Answer
$p_{f1}= (2\;\hat i+4\;\hat j)\;\rm kg\cdot m/s $
Work Step by Step
We can assume that the collision is perfectly elastic and the system (the two particles) is isolated.
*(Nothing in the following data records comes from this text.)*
(* Let $F$ be a directed graph on a finite vertex set whose underlying undirected graph is simple, in which every node has out-degree at most $1$ (a directed pseudo-forest), and in which no pair of nodes is joined by edges in both directions. Let $w$ be positive edge weights and let $\chi:V(F)\to\{1,2,3\}$ be a proper coloring of the underlying undirected graph. Mark edges as follows: each node $x$ with $\chi(x)=1$ marks its outgoing edge (if it has one) when the weight of that edge is at least the sum of weights of all its incoming edges, and otherwise marks all its incoming edges; each node $x$ with $\chi(x)=2$ marks its outgoing edge if the head of that edge has color $3$ and its weight is at least the sum of the weights of the incoming edges of $x$ whose tails have color $3$, and otherwise marks all incoming edges of $x$ whose tails have color $3$; nodes of color $3$ mark nothing. Then the set of marked edges contains no cycle (its underlying undirected graph is a forest). *)

From HB Require Import structures.
From mathcomp Require Import all_boot all_order all_algebra.
Set Implicit Arguments. Unset Strict Implicit. Unset Printing Implicit Defensive.
Import Order.TTheory GRing.Theory Num.Theory.
Local Open Scope ring_scope.

(* A directed graph on a finite vertex set T is an edge relation e : rel T
   (e x y means there is a directed edge x -> y).  Edge weights are given by
   w : T -> T -> R (only their values on edges matter).  Colours are
   natural numbers, chi : T -> nat, with values in {1,2,3}. *)

Section Marking.
Variables (T : finType) (R : realFieldType) (e : rel T) (w : T -> T -> R)
          (chi : T -> nat).

Definition in_weight (x : T) : R := \sum_(u | e u x) w u x.

Definition in_weight3 (x : T) : R := \sum_(u | e u x && (chi u == 3%N)) w u x.

Definition marks_out1 (x : T) : bool :=
  [exists y, e x y && (in_weight x <= w x y)].

Definition marks_out2 (x : T) : bool :=
  [exists y, [&& e x y, chi y == 3%N & in_weight3 x <= w x y]].

Definition marks (x u v : T) : bool :=
  e u v &&
  (if chi x == 1%N then
     (if marks_out1 x then u == x else v == x)
   else if chi x == 2%N then
     (if marks_out2 x then u == x else (v == x) && (chi u == 3%N))
   else false).

Definition marked (u v : T) : bool := [exists x, marks x u v].

Definition marked_und (u v : T) : bool := marked u v || marked v u.

End Marking.

Definition is_forest (T : finType) (g : rel T) : Prop :=
  forall p : seq T, (3 <= size p)%N -> uniq p -> ~~ cycle g p.

(* Only the endpoints of an edge can mark it.  If v marks its incoming edge
   u -> v it does not mark its outgoing edge v -> z, so a marked v -> z must
   then be marked by z as well: along a directed walk of marked edges, once an
   edge is marked by its head all later ones are.  Head-marked edges end in
   colour 1 or 2, and in colour 2 only when they start in colour 3, so three
   consecutive head-marked edges are impossible; symmetrically for three
   consecutive tail-marked edges.  Hence no directed walk of 5 marked edges
   exists.  Since every node has out-degree at most 1, an undirected cycle of
   marked edges would be a directed cycle, giving arbitrarily long marked
   walks. *)

From Pilot Require Import Defs.
From HB Require Import structures.
From mathcomp Require Import all_boot all_order all_algebra.
From mathcomp Require Import zify.
Set Implicit Arguments. Unset Strict Implicit. Unset Printing Implicit Defensive.
Import Order.TTheory GRing.Theory Num.Theory.
Local Open Scope ring_scope.

Lemma next_next_neq (T : eqType) (p : seq T) x :
  uniq p -> (3 <= size p)%N -> x \in p -> next p (next p x) != x.
Proof.
move=> up sp /rot_to [i q Hr].
rewrite -!(next_rot i up) Hr.
have uq : uniq (x :: q) by rewrite -Hr rot_uniq.
have sq : (3 <= size (x :: q))%N by rewrite -Hr size_rot.
case: q uq sq {Hr} => [|b [|c r]] // uq _.
move: uq; rewrite /= !inE => /andP[/norP[xb /norP[xc _]] /andP[/norP[bc _] _]].
by rewrite eqxx (eq_sym b x) (negbTE xb) eqxx eq_sym.
Qed.

Lemma functional_cycle_walk (T : eqType) (r : rel T) (p : seq T) :
    (forall x y z, r x y -> r x z -> y = z) ->
    uniq p -> (3 <= size p)%N -> cycle (fun u v => r u v || r v u) p ->
  exists f : nat -> T, (forall n, r (f n) (f n.+1)) \/ (forall n, r (f n.+1) (f n)).
Proof.
move=> r_fun up sp cp.
have step x : x \in p -> r x (next p x) || r (next p x) x := next_cycle cp.
have iter_in x n : x \in p -> iter n (next p) x \in p.
  by move=> xp; elim: n => //= n IH; rewrite mem_next.
have [x0 x0p] : exists x0, x0 \in p.
  by case: p {up cp step iter_in} sp => // x0 q _; exists x0; rewrite mem_head.
case: (boolP (all (fun x => r x (next p x)) p)) => [/allP fwd | /allPn [x xp bwd0]].
  by exists (fun n => iter n (next p) x0); left => n; apply/fwd/iter_in.
exists (fun n => iter n (next p) x); right; elim=> [|n IH] /=.
  by move: (step x xp); rewrite (negbTE bwd0).
have /orP[fwd1 | //] := step _ (iter_in x n.+1 xp).
have := next_next_neq up sp (iter_in x n xp).
by rewrite -(r_fun _ _ _ IH fwd1) eqxx.
Qed.

(* The colours along three consecutive head-marked edges, or along three
   tail-marked edges read backwards. *)
Lemma colour_chain_absurd (a b c : nat) :
    (1 <= b <= 3)%N -> (1 <= c <= 3)%N -> a != 3%N -> b != 3%N -> c != 3%N ->
    b != c -> (b == 2%N -> a == 3%N) -> (c == 2%N -> b == 3%N) -> False.
Proof. lia. Qed.

Section Marking.
Variables (T : finType) (R : realFieldType) (e : rel T) (w : T -> T -> R)
          (chi : T -> nat).
Hypotheses (e_irr : forall x, ~~ e x x)
           (e_outdeg : forall x y z, e x y -> e x z -> y = z)
           (chi_range : forall x, (1 <= chi x <= 3)%N)
           (chi_proper : forall x y, e x y -> chi x != chi y).

Local Notation marks := (Defs.marks e w chi).
Local Notation marked := (Defs.marked e w chi).

Lemma marks_endpoint x u v : marks x u v -> (x == u) || (x == v).
Proof.
case/andP=> _; case: ifP => _; first by case: ifP => _ /eqP ->; rewrite eqxx ?orbT.
case: ifP => _ //; case: ifP => _; first by move/eqP->; rewrite eqxx.
by case/andP => /eqP ->; rewrite eqxx orbT.
Qed.

Lemma edge_neq u v : e u v -> (u == v) = false.
Proof. by apply: contraTF => /eqP <-; apply: e_irr. Qed.

Lemma marked_edge u v : marked u v -> e u v.
Proof. by case/existsP => x /andP[]. Qed.

Lemma marked_functional x y z : marked x y -> marked x z -> y = z.
Proof. by move=> /marked_edge exy /marked_edge exz; apply: e_outdeg exy exz. Qed.

Lemma marked_tail_unless_head u v : marked u v -> ~~ marks v u v -> marks u u v.
Proof.
case/existsP => x mx nhead; case/orP: (marks_endpoint mx) => /eqP xE; subst x => //.
by rewrite mx in nhead.
Qed.

Lemma tail_mark_colours u v : e u v -> marks u u v ->
  chi u != 3%N /\ (chi u == 2%N -> chi v == 3%N).
Proof.
move=> euv; rewrite /Defs.marks euv /=.
have vu : (v == u) = false by rewrite eq_sym edge_neq.
case: ifP => [/eqP -> // | _]; case: ifP => [/eqP c2 | //].
case: ifP => [m2 _ | _]; last by rewrite vu.
split; first by rewrite c2.
by case/existsP: m2 => y /and3P[euy cy _] _; rewrite (e_outdeg euv euy).
Qed.

Lemma head_mark_colours u v : e u v -> marks v u v ->
  chi v != 3%N /\ (chi v == 2%N -> chi u == 3%N).
Proof.
move=> euv; rewrite /Defs.marks euv /=.
have uv : (u == v) = false := edge_neq euv.
case: ifP => [/eqP -> // | _]; case: ifP => [/eqP c2 | //].
by case: ifP => _; [rewrite uv | case/andP => _ c3; rewrite c2].
Qed.

Lemma head_mark_no_tail_mark u v z : e u v -> e v z -> marks v u v -> ~~ marks v v z.
Proof.
move=> euv evz; rewrite /Defs.marks euv evz /=.
have uv : (u == v) = false := edge_neq euv.
have zv : (z == v) = false by rewrite eq_sym edge_neq.
by case: ifP => _; [|case: ifP => _ //]; case: ifP; rewrite ?uv ?zv.
Qed.

Lemma head_mark_propagates u v z :
  marked u v -> marked v z -> marks v u v -> marks z v z.
Proof.
move=> muv mvz hv.
have := head_mark_no_tail_mark (marked_edge muv) (marked_edge mvz) hv.
by apply: contraNT; apply: marked_tail_unless_head.
Qed.

Lemma no_marked_walk5 y0 y1 y2 y3 y4 y5 :
  marked y0 y1 -> marked y1 y2 -> marked y2 y3 -> marked y3 y4 -> marked y4 y5 ->
  False.
Proof.
move=> m01 m12 m23 m34 m45.
case: (boolP (marks y3 y2 y3)) => [h23 | t23].
  have h34 := head_mark_propagates m23 m34 h23.
  have h45 := head_mark_propagates m34 m45 h34.
  have [c3 _] := head_mark_colours (marked_edge m23) h23.
  have [c4 c34] := head_mark_colours (marked_edge m34) h34.
  have [c5 c45] := head_mark_colours (marked_edge m45) h45.
  exact: colour_chain_absurd (chi_range y4) (chi_range y5) c3 c4 c5
           (chi_proper (marked_edge m45)) c34 c45.
have t12 : ~~ marks y2 y1 y2 by apply: contra t23; apply: head_mark_propagates.
have t01 : ~~ marks y1 y0 y1 by apply: contra t12; apply: head_mark_propagates.
have [c0 c01] := tail_mark_colours (marked_edge m01) (marked_tail_unless_head m01 t01).
have [c1 c12] := tail_mark_colours (marked_edge m12) (marked_tail_unless_head m12 t12).
have [c2 _] := tail_mark_colours (marked_edge m23) (marked_tail_unless_head m23 t23).
have c10 : chi y1 != chi y0 by rewrite eq_sym chi_proper ?(marked_edge m01).
exact: colour_chain_absurd (chi_range y1) (chi_range y0) c2 c1 c0 c10 c12 c01.
Qed.

End Marking.

Theorem mainTheorem15 (T : finType) (R : realFieldType) (e : rel T)
    (w : T -> T -> R) (chi : T -> nat)
    (e_irr : forall x, ~~ e x x)
    (e_anti : forall x y, e x y -> ~~ e y x)
    (e_outdeg : forall x y z, e x y -> e x z -> y = z)
    (w_pos : forall x y, e x y -> 0 < w x y)
    (chi_range : forall x, (1 <= chi x <= 3)%N)
    (chi_proper : forall x y, e x y -> chi x != chi y) :
  is_forest (marked_und e w chi).
Proof.
move=> p p_size p_uniq; apply/negP => p_cycle.
have no_walk := no_marked_walk5 e_irr e_outdeg chi_range chi_proper.
have [f [fwd | bwd]] :=
  functional_cycle_walk (marked_functional e_outdeg) p_uniq p_size p_cycle.
- exact: no_walk (fwd 0) (fwd 1) (fwd 2) (fwd 3) (fwd 4).
- exact: no_walk (bwd 4) (bwd 3) (bwd 2) (bwd 1) (bwd 0).
Qed.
This means that the momentum is conserved.
Thus,
$$p_i=p_f$$
Thus,
$$p_{i1}+p_{i2}=p_{f1}+p_{f2}\tag 1$$
We can see, from the given graph, that
$$p_{i1}=(-2\;\hat i+2\;\hat j)\;\rm kg\cdot m/s$$
$$p_{i2}=(4\;\hat i+1\;\hat j)\;\rm kg\cdot m/s$$
$$p_{f2}=(0\;\hat i-1\;\hat j)\;\rm kg\cdot m/s$$
Plugging these last 3 equations into (1);
$$-2\;\hat i+2\;\hat j+4\;\hat i+1\;\hat j=p_{f1}+0\;\hat i-1\;\hat j$$
Solving for $p_{f1}$
$$p_{f1}=-2\;\hat i+2\;\hat j+4\;\hat i+1\;\hat j-0\;\hat i+1\;\hat j $$
$$p_{f1}= (\color{red}{\bf2}\;\hat i+\color{red}{4}\;\hat j)\;\rm kg\cdot m/s $$